→ PROBLEM
Whenever a line in the records below holds the string "topology", copy it out.

[Opening DATA UNDER STUDY section]

Definition in_conv (n k : nat) (v : 'I_k -> 'cV[R]_n) (x : 'cV[R]_n) : Prop :=
  exists l : 'I_k -> R,
    (forall i, 0 <= l i) /\ \sum_(i < k) l i = 1 /\ x = \sum_(i < k) l i *: v i.

(* x lies in the (topological) interior of the convex hull; the topology of
   R^n is the product (sup-norm) topology *)
Definition in_interior_conv (n k : nat) (v : 'I_k -> 'cV[R]_n) (x : 'cV[R]_n) : Prop :=
  exists e : R, 0 < e /\
    forall y : 'cV[R]_n, (forall i, `|y i 0 - x i 0| < e) -> in_conv v y.

(* S(v_0,...,v_n) = 0 if 0 is not in the interior of the convex hull,
   otherwise (-1)^0 Or(v_1,...,v_n) (the choice i = 0). *)
Definition Ssimp (n : nat) (v : 'I_n.+1 -> 'cV[R]_n) : R :=
  if excluded_middle_informative (in_interior_conv v 0) then Or (omit ord0 v)
  else 0.

Definition Sm (n : nat) (v : 'I_n.+1 -> 'cV[R]_n) : R :=
  (2 ^+ n.+1)^-1 *
  \sum_(s : {ffun 'I_n.+1 -> bool}) Ssimp (fun i => (if s i then -1 else 1) *: v i).

Definition hereditarily_spanning (n k : nat) (v : 'I_k -> 'cV[R]_n) : Prop :=
  forall f : 'I_n -> 'I_k, injective f ->
    row_full (\matrix_(i < n) (v (f i))^T).

Definition cobound (n k : nat) (F : ('I_k -> 'cV[R]_n) -> R)
    (v : 'I_k.+1 -> 'cV[R]_n) : R :=
  \sum_(i < k.+1) (-1) ^+ i * F (omit i v).
End Defs.

(* Invertible linear maps and positive rescalings preserve the condition "0 lies in
   the interior of the convex hull", so S transforms by sign det g and is invariant under
   positive rescalings; averaging over all sign changes then makes Sm invariant under all
   nonzero rescalings.

   For a hereditarily spanning (v_0, ..., v_n), Cramer's rule gives the linear relation
   sum_k (-1)^k det(v_0, .., ^v_k, .., v_n) v_k = 0, which spans all relations, so 0 is
   interior to the hull iff its coefficients all have the same sign, and S is that sign.
   For a hereditarily spanning (v_0, ..., v_(n+1)), the Cramer relations of the tuples
   with v_i omitted form an antisymmetric matrix G satisfying the three-term Plücker
   relations, and (-1)^i S(v_0, .., ^v_i, .., v_(n+1)) is 1, -1 or 0 according as row i
   of G is positive off the diagonal (i is a source of the tournament G), negative (a
   sink) or neither. The Plücker relations force a source to exist iff a sink does, and
   there is at most one of each, so dS = 0; finally dSm is an average of dS over sign
   changes. *)

From HB Require Import structures.
From mathcomp Require Import all_boot all_order all_algebra zify lra.
From Stdlib Require Import ClassicalEpsilon FunctionalExtensionality.
Set Implicit Arguments. Unset Strict Implicit. Unset Printing Implicit Defensive.
Import Order.TTheory GRing.Theory Num.Theory.
Local Open Scope ring_scope.

(** * Convex hulls *)

Section Convexity.
Variables (R : realFieldType) (n : nat).
Implicit Types (k : nat) (x y : 'cV[R]_n).

Lemma conv_weight_le1 k (l : 'I_k -> R) i :
  (forall j, 0 <= l j) -> \sum_j l j = 1 -> l i <= 1.
Proof. by move=> l0 <-; rewrite (bigD1 i) //= lerDl sumr_ge0. Qed.

Lemma in_interior_conv_in_conv k (v : 'I_k -> 'cV[R]_n) x :
  in_interior_conv v x -> in_conv v x.
Proof. by case=> e [e0 He]; apply: He => i; rewrite subrr normr0. Qed.

Lemma in_conv_normalize k (u : 'I_k -> 'cV[R]_n) (a : 'I_k -> R) :
  (forall j, 0 <= a j) -> 0 < \sum_j a j ->
  in_conv u ((\sum_j a j)^-1 *: \sum_j a j *: u j).
Proof.
move=> a0 sa; exists (fun j => (\sum_j a j)^-1 * a j); split.
  by move=> j; rewrite mulr_ge0 // invr_ge0 ltW.
split; first by rewrite -mulr_sumr mulVf // gt_eqF.
by rewrite scaler_sumr; apply: eq_bigr => j _; rewrite scalerA.
Qed.

(* The missing weight [1 - \sum_j a j] is spread along a convex representation of 0. *)
Lemma in_conv0_combination k (u : 'I_k -> 'cV[R]_n) (a : 'I_k -> R) :
  in_conv u 0 -> (forall j, 0 <= a j) -> \sum_j a j <= 1 ->
  in_conv u (\sum_j a j *: u j).
Proof.
case=> l [l0 [l1 lu]] a0 sa.
exists (fun j => a j + (1 - \sum_j a j) * l j); split.
  by move=> j; rewrite addr_ge0 // mulr_ge0 // subr_ge0.
split; first by rewrite big_split /= -mulr_sumr l1 mulr1 addrC subrK.
under [RHS]eq_bigr => j _ do rewrite scalerDl -scalerA.
by rewrite big_split /= -scaler_sumr -lu scaler0 addr0.
Qed.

[Closing DATA UNDER STUDY section]

→ WRITTEN REPLY
(* x lies in the (topological) interior of the convex hull; the topology of
   R^n is the product (sup-norm) topology *)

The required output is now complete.